Class TextMatch

java.lang.Object
org.opensextant.extraction.TextEntity
org.opensextant.extraction.TextMatch
All Implemented Interfaces:
Comparable<TextMatch>, MatchSchema
Direct Known Subclasses:
DateMatch, GeocoordMatch, PoliMatch

public class TextMatch extends TextEntity implements MatchSchema, Comparable<TextMatch>
A variation on TextEntity that also records pattern metadata
Author:
ubaldino
  • Field Details

    • pattern_id

      public String pattern_id
      the ID of the pattern that extracted this
    • producer

      public String producer
      A short label or tag representing the matcher, extractor, tagger, etc. that produced this match.
    • type

      protected String type
      Type, as in Annotation type or code.
  • Constructor Details

    • TextMatch

      public TextMatch(int x1, int x2)
  • Method Details

    • getType

      public String getType()
    • setType

      public void setType(String t)
      Allow matchers and taggers to set a type label, e.g., pattern family or other string.
      Parameters:
      t - type
    • toString

      public String toString()
      Overrides:
      toString in class TextEntity
      Returns:
      string representation
    • copy

      public void copy(TextMatch m)
      Parameters:
      m - a text match to copy to this instance
    • isSame

      public boolean isSame(String m)
      Case-insensitive comparison to another string
      Parameters:
      m - match
      Returns:
      trut if
    • isSameNorm

      public boolean isSameNorm(TextMatch m)
      Compare the normalized string for this match to that of another.
      Parameters:
      m -
      Returns:
      true if getTextnorm()s yield same string.
    • isFilteredOut

      public boolean isFilteredOut()
    • setFilteredOut

      public void setFilteredOut(boolean b)
    • getTextnorm

      public String getTextnorm()
      Get a normalized version of the text, lower case, punctuation and diacritics removed.
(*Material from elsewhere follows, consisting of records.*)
Lemma affine_extension_derivable_in s : 0 <= s <= 1 ->
  derivable_pt_lim affine_extension s (df s).
Proof.
  intros Hs eps Heps.
  destruct (f_deriv s Hs (eps / 4) ltac:(lra)) as [d1 [Hd1 Hf]].
  destruct (df_cont s Hs (eps / 4) ltac:(lra)) as [d2 [Hd2 Hdf]].
  exists (mkposreal (Rmin d1 d2) ltac:(apply Rmin_pos; lra)); simpl.
  intros h Hh0 Hh. pose proof (Rmin_l d1 d2). pose proof (Rmin_r d1 d2).
  set (c := clamp (s + h)).
  assert (Hc : 0 <= c <= 1) by apply clamp_in.
  assert (Hcs : Rabs (c - s) <= Rabs h).
  { pose proof (clamp_lipschitz (s + h) s) as E. rewrite (clamp_id s Hs) in E.
    replace (s + h - s) with h in E by ring. exact E. }
  assert (Hsc : Rabs (s + h - c) <= Rabs h).
  { pose proof (clamp_nearest (s + h) s Hs) as E.
    replace (s + h - s) with h in E by ring. exact E. }
  assert (Tf : Rabs (f c - f s - (c - s) * df s) <= eps / 4 * Rabs h).
  { destruct (Req_dec (c - s) 0) as [E|E].
    - replace c with s by lra. replace (f s - f s - (s - s) * df s) with 0 by ring.
      rewrite Rabs_R0. pose proof (Rabs_pos h). nra.
    - pose proof (Hf (c - s) E ltac:(replace (s + (c - s)) with c by ring; lra) ltac:(lra)) as Hfc.
      replace (s + (c - s)) with c in Hfc by ring. pose proof (Rabs_pos h). nra. }
  assert (Tdf : Rabs ((s + h - c) * (df c - df s)) <= eps / 4 * Rabs h).
  { rewrite Rabs_mult. pose proof (Hdf c Hc ltac:(lra)).
    pose proof (Rabs_pos (s + h - c)). pose proof (Rabs_pos (df c - df s)). nra. }
  (* the increment splits into the one-sided Taylor error of [f] at [s] and the
     affine overshoot beyond the clamped point [c] *)
  unfold affine_extension. fold c. rewrite (clamp_id s Hs).
  replace ((f c + (s + h - c) * df c - (f s + (s - s) * df s)) / h - df s)
    with ((f c - f s - (c - s) * df s + (s + h - c) * (df c - df s)) / h) by (field; auto).
  unfold Rdiv. rewrite Rabs_mult, Rabs_inv.
  pose proof (Rabs_triang (f c - f s - (c - s) * df s) ((s + h - c) * (df c - df s))).
  assert (Hh' : 0 < Rabs h) by (apply Rabs_pos_lt; auto).
  apply (Rmult_lt_reg_r (Rabs h)); auto.
  rewrite Rmult_assoc, Rinv_l by lra. nra.
Qed.

Lemma affine_extension_is_derive s : is_derive affine_extension s (df (clamp s)).
Proof.
  destruct (Rlt_le_dec s 0) as [Hs0|Hs0]; [|destruct (Rlt_le_dec 1 s) as [Hs1|Hs1]].
  - apply (is_derive_ext_loc (fun u => f 0 + (u - 0) * df 0)).
    + apply (locally_interval _ s m_infty 0); simpl; auto.
      intros u _ Hu. unfold affine_extension. rewrite clamp_le0 by lra. reflexivity.
    + rewrite clamp_le0 by lra. auto_derive; auto. ring.
  - apply (is_derive_ext_loc (fun u => f 1 + (u - 1) * df 1)).
    + apply (locally_interval _ s 1 p_infty); simpl; auto.
      intros u Hu _. unfold affine_extension. rewrite clamp_ge1 by lra. reflexivity.
    + rewrite clamp_ge1 by lra. auto_derive; auto. ring.
  - rewrite clamp_id by lra. apply is_derive_Reals, affine_extension_derivable_in. lra.
Qed.

Lemma clamped_derivative_continuous s : continuous (fun u => df (clamp u)) s.
Proof.
  apply continuity_pt_filterlim. intros eps Heps.
  destruct (df_cont (clamp s) (clamp_in s) eps Heps) as [d [Hd Hdf]].
  exists d; split; auto. intros x [_ Hx]. simpl in Hx |- *. unfold R_dist in *.
  apply Hdf; [apply clamp_in|]. pose proof (clamp_lipschitz x s). lra.
Qed.

End AffineExtension.

Lemma lebesgue_number_unit_interval (P : R -> R -> Prop) :
  (forall s, 0 <= s <= 1 -> exists g, 0 < g /\ P s g) ->
  exists d, 0 < d /\ forall x, 0 <= x <= 1 ->
    exists s g, 0 <= s <= 1 /\ P s g /\ Rabs (x - s) < g /\ d <= g.
Proof.
  intros HP.
  destruct (choice (fun s (g : posreal) => 0 <= s <= 1 -> P s g)) as [gam Hgam].
  { intro s. destruct (classic (0 <= s <= 1)) as [Hs|Hs].
    - destruct (HP s Hs) as [g [Hg HPg]]. exists (mkposreal g Hg). auto.
    - exists (mkposreal 1 Rlt_0_1). tauto. }
  destruct (compactness_value_1d 0 1 gam) as [d Hd].
  exists d. split; [apply cond_pos|]. intros x Hx.
  apply NNPP. intro Hn. apply (Hd x Hx). intros [s [Hs [Hxs Hds]]]. apply Hn.
  exists s, (gam s). auto.
Qed.

Lemma tube_lemma (t : R) (P : R -> R -> Prop) :
  (forall s, 0 <= s <= 1 -> exists r, 0 < r /\ forall s' t', in_square s' t' ->
     Rabs (s' - s) < r -> Rabs (t' - t) < r -> P s' t') ->
  exists d, 0 < d /\ forall s t', in_square s t' -> Rabs (t' - t) < d -> P s t'.
Proof.
  intros Hloc.
  destruct (lebesgue_number_unit_interval (fun s r => forall s' t', in_square s' t' ->
              Rabs (s' - s) < r -> Rabs (t' - t) < r -> P s' t') Hloc) as [d [Hd Hleb]].
  exists d. split; auto. intros s t' Hst Ht.
  destruct (Hleb s (proj1 Hst)) as [s0 [r [_ [HP [Hs Hdr]]]]].
  apply HP; auto; lra.
Qed.

Lemma cont_on_square_uniform (F : R -> R -> C) (t : R) :
  cont_on_square F -> 0 <= t <= 1 -> forall eps, 0 < eps ->
  exists d, 0 < d /\ forall s t', in_square s t' -> Rabs (t' - t) < d ->
    Cmod (Cminus (F s t') (F s t)) < eps.
Proof.
  intros HF Ht eps Heps. apply tube_lemma. intros s Hs.
  destruct (HF s t (conj Hs Ht) (eps / 2) ltac:(lra)) as [r [Hr HFr]].
  exists r. split; auto. intros s' t' Hst Hs' Ht'.
  pose proof (HFr s' t' Hst Hs' Ht') as E1.
  assert (E2 : Cmod (Cminus (F s' t) (F s t)) < eps / 2).
  { apply HFr; [split; [apply Hst|exact Ht]|exact Hs'|].
    rewrite Rminus_diag, Rabs_R0. exact Hr. }
  pose proof (Cmod_minus_triangle (F s' t') (F s t) (F s' t)) as E.
  rewrite (Cmod_minus_sym (F s t)) in E. lra.
Qed.

Lemma rsum_ext (f g : nat -> R) n :
  (forall j, (j < n)%nat -> f j = g j) -> rsum f n = rsum g n.
Proof.
  induction n as [|n IH]; intro E; simpl; auto.
  rewrite IH, E by (auto; intros; apply E; lia). reflexivity.
Qed.

Lemma rsum_RInt_Chasles (f : R -> R) (sub : nat -> R) m :
  (forall a b, ex_RInt f a b) ->
  rsum (fun j => RInt f (sub j) (sub (S j))) m = RInt f (sub O) (sub m).
Proof.
  intros Hf. induction m as [|m IH]; simpl.
  - rewrite RInt_point. reflexivity.
  - rewrite IH. exact (RInt_Chasles f _ _ _ (Hf _ _) (Hf _ _)).
Qed.

Lemma subdivision_in_unit_interval (sub : nat -> R) k :
  sub O = 0 -> sub k = 1 -> (forall j, (j < k)%nat -> sub j < sub (S j)) ->
  forall j, (j <= k)%nat -> 0 <= sub j <= 1.
Proof.
  intros H0 H1 Hinc.
  assert (Hmono : forall j m, (j + m <= k)%nat -> sub j <= sub (j + m)%nat).
  { intros j m. induction m as [|m IH]; intro Hjm.
    - rewrite Nat.add_0_r. lra.
    - rewrite Nat.add_succ_r. pose proof (Hinc (j + m)%nat ltac:(lia)). specialize (IH ltac:(lia)). lra. }
  intros j Hj. split.
  - rewrite <- H0. exact (Hmono O j Hj).
  - rewrite <- H1. pose proof (Hmono j (k - j)%nat ltac:(lia)) as E.
    replace (j + (k - j))%nat with k in E by lia. exact E.
Qed.

Lemma speed_ext_loc (g h : R -> C) x :
  locally x (fun u => g u = h u) -> speed g x = speed h x.
Proof.
  intros E. unfold speed.
  rewrite (Derive_ext_loc (fun u => fst (g u)) (fun u => fst (h u))),
          (Derive_ext_loc (fun u => snd (g u)) (fun u => snd (h u))); auto;
    apply (filter_imp (fun u => g u = h u)); auto; intros u ->; reflexivity.
Qed.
If you want only pieces of this normalization, you may override it.
      Returns:
      normalized version of text.
    • isDefault

      public boolean isDefault()
      Users of this class should set a non-default type via setType(String), otherwise the match remains default and generic.
      Returns:
    • defaultMatchId

      public void defaultMatchId()
      If called, this overwrites existing match_id Match ID is typically entity label @ offset. Alternatively a Match ID could be also label + value + start offset ... to distinguish this text span from others.
    • getContentId

      public String getContentId()
      create a simple text-based identifier with form of value + start offset ...
      Returns:
    • getMatchId

      public String getMatchId()
      Future planning -- match_id may become private field in future API.
      Returns:
    • compareTo

      public int compareTo(TextMatch other)
      this match, A compared to B Order: A B then A > B Order: B A then A < B Order: same spans then A == B
      Specified by:
      compareTo in interface Comparable<TextMatch>
      Parameters:
      other -
      Returns: